刚坐下没多久,御花园又迎来了另外一个人。
齐王魏衡。
他恭敬的给皇后和太子行礼,紧接着就坐在皇后右下首的位置,身姿挺拔,一点也不像与他们是敌对的关系。
如今这里其乐融融的表现,一点也不像是皇帝大病,国家处于转折之际。
现在是九月初,距离这位传说般的皇子去世,还有不到一个月。
魏衡侧脸线条冷硬,看不出丝毫异样,一点也不像大限将至。
其实那天在坤宁宫夏梦轻就看出来了,只不过没多想。
魏衡端茶时,右手几不可查地滞涩了半瞬,方才稳稳握住杯盏。
偶尔变换坐姿,幅度也极其微小,带着一种刻意控制的僵硬。
细微之处,被夏梦轻敏锐地捕捉。
史书记载,魏衡年少时便曾随军征战,身体底子极佳,所谓的“病逝”本就存疑。
如今亲眼所见,夏梦轻几乎可以肯定,他的死有蹊跷。
那么现在魏衡身体应该有伤,因为他在刻意隐瞒自己的伤。
小时候夏梦轻跟朋友骑单车出去玩,路上为了躲避突然出现的小孩子,直接连人带车摔在地上。
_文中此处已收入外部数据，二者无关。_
Lemma normalized_l1_dist_le (R : realFieldType) (I : finType) (x z : I -> R) :
  (forall i, 0 <= x i) -> (forall i, 0 <= z i) -> 0 < \sum_i x i ->
  \sum_i `|x i / \sum_j x j - z i / \sum_j z j| <= 2 * (\sum_i `|x i - z i|) / \sum_j x j.
Proof.
move=> x_ge0 z_ge0; set X := \sum_j x j; set Z := \sum_j z j => X_gt0.
have Z_ge0 : 0 <= Z by apply: sumr_ge0.
have dist_ge0 : 0 <= \sum_i `|x i - z i| by apply: sumr_ge0.
have [Z0 | Z_neq0] := eqVneq Z 0.
  have z0 i : z i = 0 by apply: (psumr_eq0P _ Z0).
  under eq_bigr do rewrite z0 mul0r subr0 ger0_norm ?divr_ge0 ?(ltW X_gt0) //.
  under [X in _ <= 2 * X / _]eq_bigr do rewrite z0 subr0 ger0_norm //.
  rewrite -mulr_suml -/X ler_pM2r ?invr_gt0 //; lra.
have Z_gt0 : 0 < Z by rewrite lt_def Z_neq0.
(* x/X - z/Z = (x - z)/X + z (Z - X)/(X Z), and the second terms sum to |Z - X|/X *)
have split_i i : `|x i / X - z i / Z| <= `|x i - z i| / X + z i * (`|Z - X| / (X * Z)).
  have -> : x i / X - z i / Z = (x i - z i) / X + z i * ((Z - X) / (X * Z)).
    by field; rewrite !gt_eqF.
  apply: le_trans (ler_normD _ _) _.
  rewrite normrM normfV (ger0_norm (ltW X_gt0)) normrM (ger0_norm (z_ge0 i)).
  by rewrite normrM normfV (ger0_norm (mulr_ge0 (ltW X_gt0) Z_ge0)).
apply: le_trans (ler_sum _ (fun i _ => split_i i)) _.
rewrite big_split /= -!mulr_suml -/Z.
have -> : Z * (`|Z - X| / (X * Z)) = `|Z - X| / X by field; rewrite !gt_eqF.
have ZX_le : `|Z - X| <= \sum_i `|x i - z i|.
  rewrite /Z /X -sumrB; apply: le_trans (ler_norm_sum _ _ _) _.
  by apply: ler_sum => i _; rewrite distrC.
by rewrite mulr_natl mulr2n mulrDl lerD2l ler_pM2r ?invr_gt0.
Qed.

Lemma truncn_div_itv (R : archiRealFieldType) (x : R) (N : nat) : 0 <= x -> (0 < N)%N ->
  ((Num.truncn (x / N%:R) * N)%:R <= x) && (x < ((Num.truncn (x / N%:R)).+1 * N)%:R).
Proof.
move=> x_ge0 N_gt0; have N_gt0' : 0 < N%:R :> R by rewrite ltr0n.
have /andP [lo hi] := truncn_itv (divr_ge0 x_ge0 (ltW N_gt0')).
by rewrite !natrM -ler_pdivlMr // -ltr_pdivrMr // lo hi.
Qed.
当时是夏天,只穿着薄薄的短袖,撩开衣服夏梦轻的背后全是擦伤。
为了不被父母责骂,夏梦轻决定瞒着父亲,让伤自己好。
这样的伤疼痛是自然的,可谓是牵一发而动全身,任何一个动作都会难受,尽管她如何小心翼翼,后边都被父母发现。
而魏衡,就很像当时的她,受伤却不想被人知道。
发生了什么夏梦轻不知道,而他此刻强撑伤势,若无其事地出现在皇后的茶会上。
发生了什么夏梦轻不知道,而他此刻强撑伤势,若无其事地出现在皇后的茶会上。
这份隐忍与心机,令人心惊。
突然,心口那熟悉的绞痛竟毫无预兆地骤然袭来,比以往任何一次都更要尖锐。
夏梦轻指尖猛地一颤,脸色不可避免地白了几分。
茶会上的喧嚣如同隔着一层水传来,过来好一会,夏梦轻心口的绞痛虽已暂缓,但那份噬心的恐惧却挥之不去。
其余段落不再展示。